Но в одно прекрасное утро встала она раньше, чем обычно, и увидела, как стоял он в ванной и смазывал тазобедренный сустав из масленки для швейной машинки. Она была хорошо воспитана и виду не показала. Тем не менее с того дня закралось ей в душу подозрение.

Припомнила она необъяснимые мельчайшие подробности: ночное поскрипывание во время супружеских объятий в скрытом от чужих глаз алькове, которое нельзя было перепутать со скрипом матраса; громкое, непонятно откуда раздававшееся в комнате тиканье будильника.
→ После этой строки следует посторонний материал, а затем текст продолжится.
Lemma B3_weighted_le k : k <> 0%Z ->
  zsummable2 (B3_term t u v w k) /\
  Rpower (IZR (Z.abs k)) (s + 2) * Cmod (B3 t u v w k) <=
    Rpower 3 s * ZsumR2 (fun a b => B3_multiplier k a b * amp3 k a b).
Proof.
  intros hk.
  set (r := Rpower (IZR (Z.abs k)) (s + 2)).
  assert (Hr : 0 < r) by apply exp_pos.
  destruct (multiplier_amp3_summable k) as [HMX _].
  destruct (ZsumR2_scal (Rpower 3 s / r) _ HMX) as [H1 H2].
  assert (Hpt : forall a b, 0 <= Cmod (B3_term t u v w k a b) <=
                  Rpower 3 s / r * (B3_multiplier k a b * amp3 k a b)).
  { intros a b. split; [apply Cmod_ge_0|]. apply Rmult_le_reg_l with r; auto.
    replace (r * (Rpower 3 s / r * (B3_multiplier k a b * amp3 k a b)))
      with (Rpower 3 s * (B3_multiplier k a b * amp3 k a b)) by (field; lra).
    apply B3_term_weighted_le; auto. }
  destruct (ZsumR2_dominated _ _ Hpt H1) as [H3 H4].
  split; [exact H3|].
  apply Rle_trans with (r * ZsumR2 (fun a b => Cmod (B3_term t u v w k a b))).
  - apply Rmult_le_compat_l; [lra|]. apply Cmod_Zsum2_le, H3.
  - rewrite H2 in H4. apply Rmult_le_compat_l with (r := r) in H4; [|lra].
    replace (r * (Rpower 3 s / r * ZsumR2 (fun a b => B3_multiplier k a b * amp3 k a b)))
      with (Rpower 3 s * ZsumR2 (fun a b => B3_multiplier k a b * amp3 k a b))
      in H4 by (field; lra).
    exact H4.
Qed.

Lemma Hdot_term_B3_le k :
  Hdot_term (s + 2) (B3 t u v w) k <= Rpower 3 s ^ 2 * multiplier_bound * conv3 k.
Proof.
  assert (Hc : 0 <= multiplier_bound * conv3 k).
  { apply Rmult_le_pos; [unfold multiplier_bound; lra|].
    apply Zconv_nonneg; auto using Hdot_term_nonneg, conv_vw_nonneg.
    apply conv_vw_summable. }
  rewrite Rmult_assoc. unfold Hdot_term at 1. destruct (Z.eqb_spec k 0) as [_|hk].
  { apply Rmult_le_pos; [apply pow2_ge_0 | exact Hc]. }
  destruct (B3_weighted_le k hk) as [_ Hle].
  destruct (multiplier_amp3_summable k) as [HMX Hsq].
  set (r := Rpower (IZR (Z.abs k)) (s + 2)) in *.
  set (Y := ZsumR2 (fun a b => B3_multiplier k a b * amp3 k a b)) in *.
  replace (Rpower (IZR (Z.abs k)) (2 * (s + 2))) with (r * r)
    by (unfold r; rewrite <- Rpower_plus; f_equal; ring).
  assert (Hr : 0 <= r * Cmod (B3 t u v w k))
    by (apply Rmult_le_pos; [left; apply exp_pos | apply Cmod_ge_0]).
  apply Rle_trans with ((Rpower 3 s * Y) ^ 2).
  - replace (r * r * Cmod (B3 t u v w k) ^ 2) with ((r * Cmod (B3 t u v w k)) ^ 2) by ring.
    apply pow_incr; auto.
  - rewrite Rpow_mult_distr. apply Rmult_le_compat_l; auto. apply pow2_ge_0.
Qed.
Кроме того, обнаружила Бланш, что у него иногда начинало подергиваться то правое, то левое веко и тогда его серые, не слишком выразительные глаза напоминали подфарники автомобиля, сворачивающего с дороги. Прочие признаки из области механики взбудоражили ее окончательно.

Позже она уверилась в еще более тревожных — воистину дьявольских — аномалиях: ее муж ничего не забывал! Его поразительная память на незначительные события повседневной жизни, а также необъяснимая скорость, с которой он в конце месяца подсчитывал семейный бюджет, навели Бланш на одну коварную мысль. Она захотела разузнать о нем побольше, и у нее родился план, достойный Макиавелли.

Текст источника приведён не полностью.